Australia Driving Green Bogey Photography Walking

Back on the road

xa01Christmas Day came and went with little fuss; a suitable blend of English traditions (think paper hats, Christmas pudding and rubbish TV) and Australian holiday (cue swimming pools, prawns and rubbish TV). And the next day like millions across both hemispheres, I hit the road to expand my horizons, meet up with others, and curse at the appalling driving ubiquitous across the highways and byways of the land.

My destination was Brisbane and a tad beyond. In the first of three undeniably thrilling instalments I shall take you with me on the journey north. I had determined to go inland, avoiding the ludicrous middle and outer lane hogging of the Sydney motorways and the family-fuelled people carrier congestion of the coast. Yes, I would mostly miss the beautiful cooling ocean but there is a lot to see in the interior of Australia, believe it or not…

Boxing Day mash up

xa02Setting out, the tones of Jim Maxwell narrating the Boxing Day test helped me along familiar ground to Goulburn and then round the back of the Blue Mountains via Taralga and Oberon. I’m not quite sure when the familiar becomes, well, exotic, but I had never been to Hartley before and I wasn’t expecting to see emus along the roadside. Attempting to quell this confronting change, I popped in for some afternoon tea in the cutesy national trust cafe. Devonshire scones with clearly non-Devonshire cream. Sigh. When will they learn?!
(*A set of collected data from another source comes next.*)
(* Let $(X,d)$ be a compact metric space and $f:X\to X$ continuous. If $(x,y)\in X^2$ is a proximal pair for $f$, i.e. $\liminf_{n\to\infty}d(f^n(x),f^n(y))=0$, then every $(z,w)\in\omega((x,y),f\times f)$ lies in $CR(f)^2$ and satisfies $z\sim w$.
   Context: $\omega((x,y),f\times f)$ is the $\omega$-limit set of $(x,y)$ under $f\times f$, i.e. the set of limits of $(f^{n_j}(x),f^{n_j}(y))$ along sequences $n_j\to\infty$. A $\delta$-chain of $f$ is a finite sequence $(x_i)_{i=0}^k$, $k\ge1$, with $d(f(x_i),x_{i+1})\le\delta$; a $\delta$-cycle is a $\delta$-chain with $x_0=x_k$. $CR(f)$ is the set of points $x$ such that for every $\delta>0$ there is a $\delta$-cycle starting and ending at $x$. For $x,y\in CR(f)$, $x\sim y$ iff for every $\delta>0$ there are integers $m>0$, $N>0$ such that for every $n\ge N$ there are $\delta$-chains $(x_i)_{i=0}^{mn},(y_i)_{i=0}^{mn}$ in $CR(f)$ with $x_0=y_{mn}=x$, $x_{mn}=y_0=y$. *)

From Stdlib Require Import Reals Lra Lia.
Open Scope R_scope.

Record MetricSpace := {
  carrier :> Type;
  dist : carrier -> carrier -> R;
  dist_nonneg : forall x y, 0 <= dist x y;
  dist_eq0 : forall x y, dist x y = 0 <-> x = y;
  dist_sym : forall x y, dist x y = dist y x;
  dist_tri : forall x y z, dist x z <= dist x y + dist y z
}.

Section Defs.
Variable X : MetricSpace.

Definition seq_converges (u : nat -> X) (l : X) : Prop :=
  forall eps, 0 < eps -> exists N, forall n, (n >= N)%nat -> dist X (u n) l < eps.

(* Compactness of a metric space (sequential compactness, equivalent for metric spaces). *)
Definition compact_space : Prop :=
  forall u : nat -> X, exists (phi : nat -> nat) (l : X),
    (forall i j, (i < j)%nat -> (phi i < phi j)%nat) /\ seq_converges (fun j => u (phi j)) l.

Definition continuous_map (f : X -> X) : Prop :=
  forall x eps, 0 < eps -> exists delta, 0 < delta /\
    forall y, dist X x y < delta -> dist X (f x) (f y) < eps.

Fixpoint iter (f : X -> X) (n : nat) (x : X) : X :=
  match n with O => x | S k => f (iter f k x) end.

(* liminf_{n -> oo} d(f^n x, f^n y) = 0 (distances are nonnegative). *)
Definition proximal (f : X -> X) (x y : X) : Prop :=
  forall eps N, 0 < eps -> exists n, (n >= N)%nat /\ dist X (iter f n x) (iter f n y) < eps.

Definition omega_limit_pair (f : X -> X) (x y z w : X) : Prop :=
  exists nseq : nat -> nat,
    (forall i j, (i < j)%nat -> (nseq i < nseq j)%nat) /\
    seq_converges (fun j => iter f (nseq j) x) z /\
    seq_converges (fun j => iter f (nseq j) y) w.

Definition delta_chain (f : X -> X) (delta : R) (c : nat -> X) (k : nat) : Prop :=
  (1 <= k)%nat /\ forall i, (i < k)%nat -> dist X (f (c i)) (c (S i)) <= delta.

Definition chain_recurrent (f : X -> X) (x : X) : Prop :=
  forall delta, 0 < delta -> exists (c : nat -> X) (k : nat),
    delta_chain f delta c k /\ c O = x /\ c k = x.

Definition CR_rel (f : X -> X) (x y : X) : Prop :=
  chain_recurrent f x /\ chain_recurrent f y /\
  forall delta, 0 < delta -> exists m N : nat, (m > 0)%nat /\ (N > 0)%nat /\
    forall n, (n >= N)%nat -> exists cx cy : nat -> X,
      delta_chain f delta cx (m * n) /\ delta_chain f delta cy (m * n) /\
      (forall i, (i <= m * n)%nat -> chain_recurrent f (cx i) /\ chain_recurrent f (cy i)) /\
      cx O = x /\ cy (m * n)%nat = x /\ cx (m * n)%nat = y /\ cy O = y.

End Defs.

From Pilot Require Import Defs.
From Stdlib Require Import Reals Lra Lia Classical IndefiniteDescription.
Open Scope R_scope.

(* Every omega-limit point of an orbit is chain recurrent, and by compactness the
   orbit of any point is eventually shadowed, up to eps, by chain recurrent points
   (at positions and at their images).  Take (z,w) = lim (f^{n_j} x, f^{n_j} y),
   times s < q <= t with f^s x, f^t x near z, f^s y, f^t y near w, and
   d(f^q x, f^q y) small by proximality.  Following the orbit of x up to time q and
   that of y afterwards, and replacing each orbit point by a chain recurrent shadow,
   gives a delta-chain z -> w of length t - s inside CR(f); likewise w -> z, z -> z
   and w -> w.  Looping n - 1 times around z (resp. w) before crossing gives chains
   of every length (t - s) n. *)

Definition strictly_increasing (ns : nat -> nat) : Prop :=
  forall i j, (i < j)%nat -> (ns i < ns j)%nat.

Lemma strictly_increasing_succ (ns : nat -> nat) :
  (forall k, (ns k < ns (S k))%nat) -> strictly_increasing ns.
Proof.
  intros Hsucc i j Hij; induction j as [|j IH]; [lia|].
  destruct (Nat.eq_dec i j) as [->|]; [apply Hsucc|].
  specialize (IH ltac:(lia)); specialize (Hsucc j); lia.
Qed.

Lemma strictly_increasing_ge (ns : nat -> nat) :
  strictly_increasing ns -> forall j, (j <= ns j)%nat.
Proof.
  intros Hns j; induction j as [|j IH]; [lia|].
  specialize (Hns j (S j) ltac:(lia)); lia.
Qed.

Lemma infinitely_often_subseq (P : nat -> Prop) :
  (forall T, exists tau, (T <= tau)%nat /\ P tau) ->
  exists ns, strictly_increasing ns /\ forall k, P (ns k).
Proof.
  intros Hinf; destruct (functional_choice _ Hinf) as [h Hh].
  set (ns := fix ns k := match k with O => h O | S k => h (S (ns k)) end).
  exists ns; split.
  - apply strictly_increasing_succ; intro k; simpl; destruct (Hh (S (ns k))); lia.
  - intros [|k]; apply Hh.
Qed.

Section Dynamics.
Variable X : MetricSpace.
Variable f : X -> X.
Local Notation d := (Defs.dist X).

Lemma dist_refl (p : X) : d p p = 0.
Proof. exact (proj2 (Defs.dist_eq0 X p p) eq_refl). Qed.

Lemma dist_tri3 (p1 p2 p3 p4 : X) : d p1 p4 <= d p1 p2 + d p2 p3 + d p3 p4.
Proof. pose proof (Defs.dist_tri X p1 p2 p4); pose proof (Defs.dist_tri X p2 p3 p4); lra. Qed.

Definition with_ends (u v : X) (L : nat) (P : nat -> X) (i : nat) : X :=
  if Nat.eqb i 0 then u else if Nat.eqb i L then v else P i.

Lemma delta_chain_with_ends (G P : nat -> X) (u v : X) (L : nat) (eps : R) :
  (0 < L)%nat ->
  (forall i, (i < L)%nat -> d (f (G i)) (G (S i)) <= eps) ->
  (forall i, (0 < i < L)%nat -> d (P i) (G i) <= eps /\ d (f (P i)) (f (G i)) <= eps) ->
  d (f u) (f (G O)) <= eps -> d (G L) v <= eps ->
  delta_chain X f (3 * eps) (with_ends u v L P) L.
Proof.
  intros HL HG HP Hu Hv; split; [lia|]; intros i Hi.
  eapply Rle_trans; [apply (dist_tri3 _ (f (G i)) (G (S i)))|].
  assert (Hstart : d (f (with_ends u v L P i)) (f (G i)) <= eps).
  { unfold with_ends; destruct (Nat.eqb_spec i 0) as [->|]; [exact Hu|].
    destruct (Nat.eqb_spec i L); [lia|]; apply HP; lia. }
  assert (Hend : d (G (S i)) (with_ends u v L P (S i)) <= eps).
  { unfold with_ends; destruct (Nat.eqb_spec (S i) 0); [lia|].
    destruct (Nat.eqb_spec (S i) L) as [<-|]; [exact Hv|].
    rewrite Defs.dist_sym; apply HP; lia. }
  specialize (HG i Hi); lra.
Qed.

Definition CR_chain (delta : R) (k : nat) (p r : X) : Prop :=
  exists c, delta_chain X f delta c k /\
    (forall i, (i <= k)%nat -> chain_recurrent X f (c i)) /\ c O = p /\ c k = r.

Lemma CR_chain_cat delta k1 k2 (p q r : X) :
  CR_chain delta k1 p q -> CR_chain delta k2 q r -> CR_chain delta (k1 + k2) p r.
Proof.
  intros [c1 [[Hk1 H1] [C1 [<- E1]]]] [c2 [[Hk2 H2] [C2 [E2 <-]]]].
  exists (fun i => if Nat.leb i k1 then c1 i else c2 (i - k1)%nat).
  split; [split|split; [|split]].
  - lia.
  - intros i Hi; destruct (Nat.leb_spec i k1), (Nat.leb_spec (S i) k1); try lia.
    + apply H1; lia.
    + replace i with k1 by lia; rewrite E1, <- E2.
      replace (S k1 - k1)%nat with 1%nat by lia; apply H2; lia.
    + replace (S i - k1)%nat with (S (i - k1)) by lia; apply H2; lia.
  - intros i Hi; destruct (Nat.leb_spec i k1); [apply C1|apply C2]; lia.
  - reflexivity.
  - destruct (Nat.leb_spec (k1 + k2) k1); [lia|]; f_equal; lia.
Qed.

Lemma CR_chain_loop delta L (p r : X) :
  CR_chain delta L p p -> CR_chain delta L p r ->
  forall n, (0 < n)%nat -> CR_chain delta (L * n) p r.
Proof.
  intros Hloop Hcross n Hn; induction n as [|n IH]; [lia|].
  destruct (Nat.eq_dec n 0) as [->|]; [rewrite Nat.mul_1_r; exact Hcross|].
  replace (L * S n)%nat with (L + L * n)%nat by lia.
  apply CR_chain_cat with p; [exact Hloop|apply IH; lia].
Qed.

Definition splice (a b : X) (q n : nat) : X :=
  if Nat.ltb n q then iter X f n a else iter X f n b.

Lemma splice_pseudo_orbit (a b : X) (q : nat) eps :
  0 <= eps -> d (iter X f q a) (iter X f q b) <= eps ->
  forall n, d (f (splice a b q n)) (splice a b q (S n)) <= eps.
Proof.
  intros Heps Hq n; unfold splice.
  destruct (Nat.ltb_spec n q), (Nat.ltb_spec (S n) q); simpl; try lia;
    try (rewrite dist_refl; exact Heps).
  replace q with (S n) in Hq by lia; exact Hq.
Qed.

Definition CR_shadow eps (p x : X) : Prop :=
  chain_recurrent X f p /\ d p x < eps /\ d (f p) (f x) < eps.

Lemma CR_chain_across (a b u v : X) (s q t : nat) eps :
  (s < q <= t)%nat ->
  (forall tau, (s <= tau)%nat -> exists p, CR_shadow eps p (iter X f tau a)) ->
  (forall tau, (s <= tau)%nat -> exists p, CR_shadow eps p (iter X f tau b)) ->
  chain_recurrent X f u -> chain_recurrent X f v ->
  d (f u) (iter X f (S s) a) < eps -> d (iter X f t b) v < eps ->
  d (iter X f q a) (iter X f q b) < eps ->
  CR_chain (3 * eps) (t - s) u v.
Proof.
  intros Hsqt Ha Hb Hu Hv Hstart Hend Hq.
  assert (Heps : 0 <= eps) by (pose proof (Defs.dist_nonneg X (iter X f q a) (iter X f q b)); lra).
  set (G := fun i => splice a b q (s + i)).
  assert (Hshadow : forall i, exists p, (0 < i < t - s)%nat -> CR_shadow eps p (G i)).
  { intro i; unfold G, splice; destruct (Nat.ltb (s + i) q);
      [destruct (Ha (s + i)%nat) as [p Hp]|destruct (Hb (s + i)%nat) as [p Hp]];
      try lia; exists p; intros _; exact Hp. }
  destruct (functional_choice _ Hshadow) as [P HP].
  exists (with_ends u v (t - s) P); split; [|split; [|split]].
  - apply (delta_chain_with_ends G).
    + lia.
    + intros i _; unfold G; rewrite Nat.add_succ_r.
      apply splice_pseudo_orbit; lra.
    + intros i Hi; destruct (HP i Hi) as [_ [H1 H2]]; lra.
    + unfold G, splice; rewrite Nat.add_0_r.
      destruct (Nat.ltb_spec s q); [|lia]; apply Rlt_le; exact Hstart.
    + unfold G, splice; replace (s + (t - s))%nat with t by lia.
      destruct (Nat.ltb_spec t q); [lia|]; lra.
  - intros i Hi; unfold with_ends.
    destruct (Nat.eqb_spec i 0); [exact Hu|].
    destruct (Nat.eqb_spec i (t - s)); [exact Hv|]; apply HP; lia.
  - reflexivity.
  - unfold with_ends; destruct (Nat.eqb_spec (t - s) 0); [lia|].
    rewrite Nat.eqb_refl; reflexivity.
Qed.

Hypothesis hf : continuous_map X f.

Lemma converges_map (u : nat -> X) (l : X) :
  seq_converges X u l -> seq_converges X (fun j => f (u j)) (f l).
Proof.
  intros Hu eps Heps; destruct (hf l eps Heps) as [eta [Heta Hcont]].
  destruct (Hu eta Heta) as [N HN]; exists N; intros n Hn.
  rewrite Defs.dist_sym; apply Hcont; rewrite Defs.dist_sym; auto.
Qed.

Lemma omega_limit_chain_recurrent (a l : X) (ns : nat -> nat) :
  strictly_increasing ns -> seq_converges X (fun j => iter X f (ns j) a) l ->
  chain_recurrent X f l.
Proof.
  intros Hns Hl delta Hdelta; set (eps := delta / 3).
  assert (Heps : 0 < eps) by (unfold eps; lra).
  destruct (Hl eps Heps) as [J1 HJ1], (converges_map _ _ Hl eps Heps) as [J2 HJ2].
  set (s := ns (max J1 J2)); set (t := ns (S (max J1 J2))).
  assert (Hst : (s < t)%nat) by (apply Hns; lia).
  assert (Hfs : d (f (iter X f s a)) (f l) < eps) by (apply HJ2; lia).
  assert (Ht : d (iter X f t a) l < eps) by (apply HJ1; lia).
  set (G := fun i => iter X f (s + i) a).
  exists (with_ends l l (t - s) G), (t - s)%nat; split; [|split].
  - replace delta with (3 * eps) by (unfold eps; field).
    apply (delta_chain_with_ends G); try lia.
    + intros i _; unfold G; rewrite Nat.add_succ_r; simpl; rewrite dist_refl; lra.
    + intros i _; rewrite !dist_refl; lra.
    + unfold G; rewrite Nat.add_0_r, Defs.dist_sym; lra.
    + unfold G; replace (s + (t - s))%nat with t by lia; lra.
  - reflexivity.
  - unfold with_ends; destruct (Nat.eqb_spec (t - s) 0); [lia|].
    rewrite Nat.eqb_refl; reflexivity.
Qed.

Lemma omega_limit_times (x y z w : X) eps (T : nat) :
  omega_limit_pair X f x y z w -> 0 < eps ->
  exists t, (T <= t)%nat /\ d (iter X f t x) z < eps /\ d (iter X f t y) w < eps /\
    d (f z) (iter X f (S t) x) < eps /\ d (f w) (iter X f (S t) y) < eps.
Proof.
  intros [ns [Hns [Hz Hw]]] Heps.
  destruct (Hz eps Heps) as [N1 H1], (Hw eps Heps) as [N2 H2].
  destruct (converges_map _ _ Hz eps Heps) as [N3 H3].
  destruct (converges_map _ _ Hw eps Heps) as [N4 H4].
  set (j := max (max T N1) (max N2 (max N3 N4))).
  exists (ns j); split; [pose proof (strictly_increasing_ge ns Hns j); lia|].
  split; [apply H1; lia|split; [apply H2; lia|]].
  split; rewrite Defs.dist_sym; [apply H3|apply H4]; lia.
Qed.

Hypothesis hX : compact_space X.

Lemma eventually_CR_shadowed (a : X) eps :
  0 < eps -> exists T, forall tau, (T <= tau)%nat ->
    exists p, CR_shadow eps p (iter X f tau a).
Proof.
  intros Heps; apply NNPP; intro Hnever.
  assert (Hbad : forall T, exists tau, (T <= tau)%nat /\
            ~ exists p, CR_shadow eps p (iter X f tau a)).
  { intro T; apply NNPP; intro Hall; apply Hnever; exists T; intros tau Htau.
    apply NNPP; intro Hno; apply Hall; exists tau; auto. }
  destruct (infinitely_often_subseq _ Hbad) as [ns [Hns Hnot]].
  destruct (hX (fun k => iter X f (ns k) a)) as [phi [l [Hphi Hl]]].
  assert (Hcr : chain_recurrent X f l).
  { apply (omega_limit_chain_recurrent a l (fun j => ns (phi j))); auto.
    intros i j Hij; apply Hns, Hphi, Hij. }
  destruct (Hl eps Heps) as [N1 H1], (converges_map _ _ Hl eps Heps) as [N2 H2].
  apply (Hnot (phi (max N1 N2))); exists l; split; [exact Hcr|].
  split; rewrite Defs.dist_sym; [apply H1|apply H2]; lia.
Qed.

End Dynamics.

Theorem lemmaA1 (X : MetricSpace) (f : X -> X)
  (hX : compact_space X) (hf : continuous_map X f) (x y : X)
  (hprox : proximal X f x y) :
  forall z w : X, omega_limit_pair X f x y z w ->
    chain_recurrent X f z /\ chain_recurrent X f w /\ CR_rel X f z w.
Proof.
  intros z w Hzw; pose proof Hzw as [ns [Hns [Hz Hw]]].
  pose proof (omega_limit_chain_recurrent X f hf x z ns Hns Hz) as CRz.
  pose proof (omega_limit_chain_recurrent X f hf y w ns Hns Hw) as CRw.
  do 2 (split; [assumption|split; [assumption|]]).
  intros delta Hdelta; set (eps := delta / 3).
  assert (Heps : 0 < eps) by (unfold eps; lra).
  replace delta with (3 * eps) by (unfold eps; field).
  destruct (eventually_CR_shadowed X f hf hX x eps Heps) as [Tx Hx].
  destruct (eventually_CR_shadowed X f hf hX y eps Heps) as [Ty Hy].
  destruct (omega_limit_times X f hf x y z w eps (max Tx Ty) Hzw Heps)
    as [s [Hs [_ [_ [Hfz Hfw]]]]].
  destruct (hprox eps (S s) Heps) as [q [Hq Hxy]].
  destruct (omega_limit_times X f hf x y z w eps q Hzw Heps) as [t [Ht [Htz [Htw _]]]].
  assert (Hxs : forall tau, (s <= tau)%nat -> exists p, CR_shadow X f eps p (iter X f tau x))
    by (intros; apply Hx; lia).
  assert (Hys : forall tau, (s <= tau)%nat -> exists p, CR_shadow X f eps p (iter X f tau y))
    by (intros; apply Hy; lia).
  assert (Hsqt : (s < q <= t)%nat) by lia.
  assert (Hrefl : forall p : X, Defs.dist X p p < eps) by (intros; rewrite dist_refl; lra).
  pose proof (CR_chain_across X f x x z z s q t eps Hsqt Hxs Hxs CRz CRz Hfz Htz (Hrefl _)) as Czz.
  pose proof (CR_chain_across X f y y w w s q t eps Hsqt Hys Hys CRw CRw Hfw Htw (Hrefl _)) as Cww.
  pose proof (CR_chain_across X f x y z w s q t eps Hsqt Hxs Hys CRz CRw Hfz Htw Hxy) as Czw.
  rewrite Defs.dist_sym in Hxy.
  pose proof (CR_chain_across X f y x w z s q t eps Hsqt Hys Hxs CRw CRz Hfw Htz Hxy) as Cwz.
  exists (t - s)%nat, 1%nat; split; [lia|split; [lia|]]; intros n Hn.
  destruct (CR_chain_loop X f _ _ _ _ Czz Czw n ltac:(lia)) as [cx [Hcx [CRx [Ex0 Exn]]]].
  destruct (CR_chain_loop X f _ _ _ _ Cww Cwz n ltac:(lia)) as [cy [Hcy [CRy [Ey0 Eyn]]]].
  exists cx, cy; split; [exact Hcx|split; [exact Hcy|]].
  split; [intros i Hi; split; [apply CRx|apply CRy]; exact Hi|].
  repeat split; assumption.
Qed.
The journey proceeded through Lithgow and alongside the expansive Capertree Valley, where my first lookout stop offered a surprising reveal of a sweeping landscape. From here, the final sandstone ridges of the Blue Mountains stand bastion over a green carpet of eucalyptus, and – closer to the road – the occasional green taming of human activity. Apparently the Capertree Canyon is the second biggest in the world after that gargantuan gorge called The Grand Canyon. Which clearly makes it the largest in the southern hemisphere. However, despite this billing, for me, it was a detour too far.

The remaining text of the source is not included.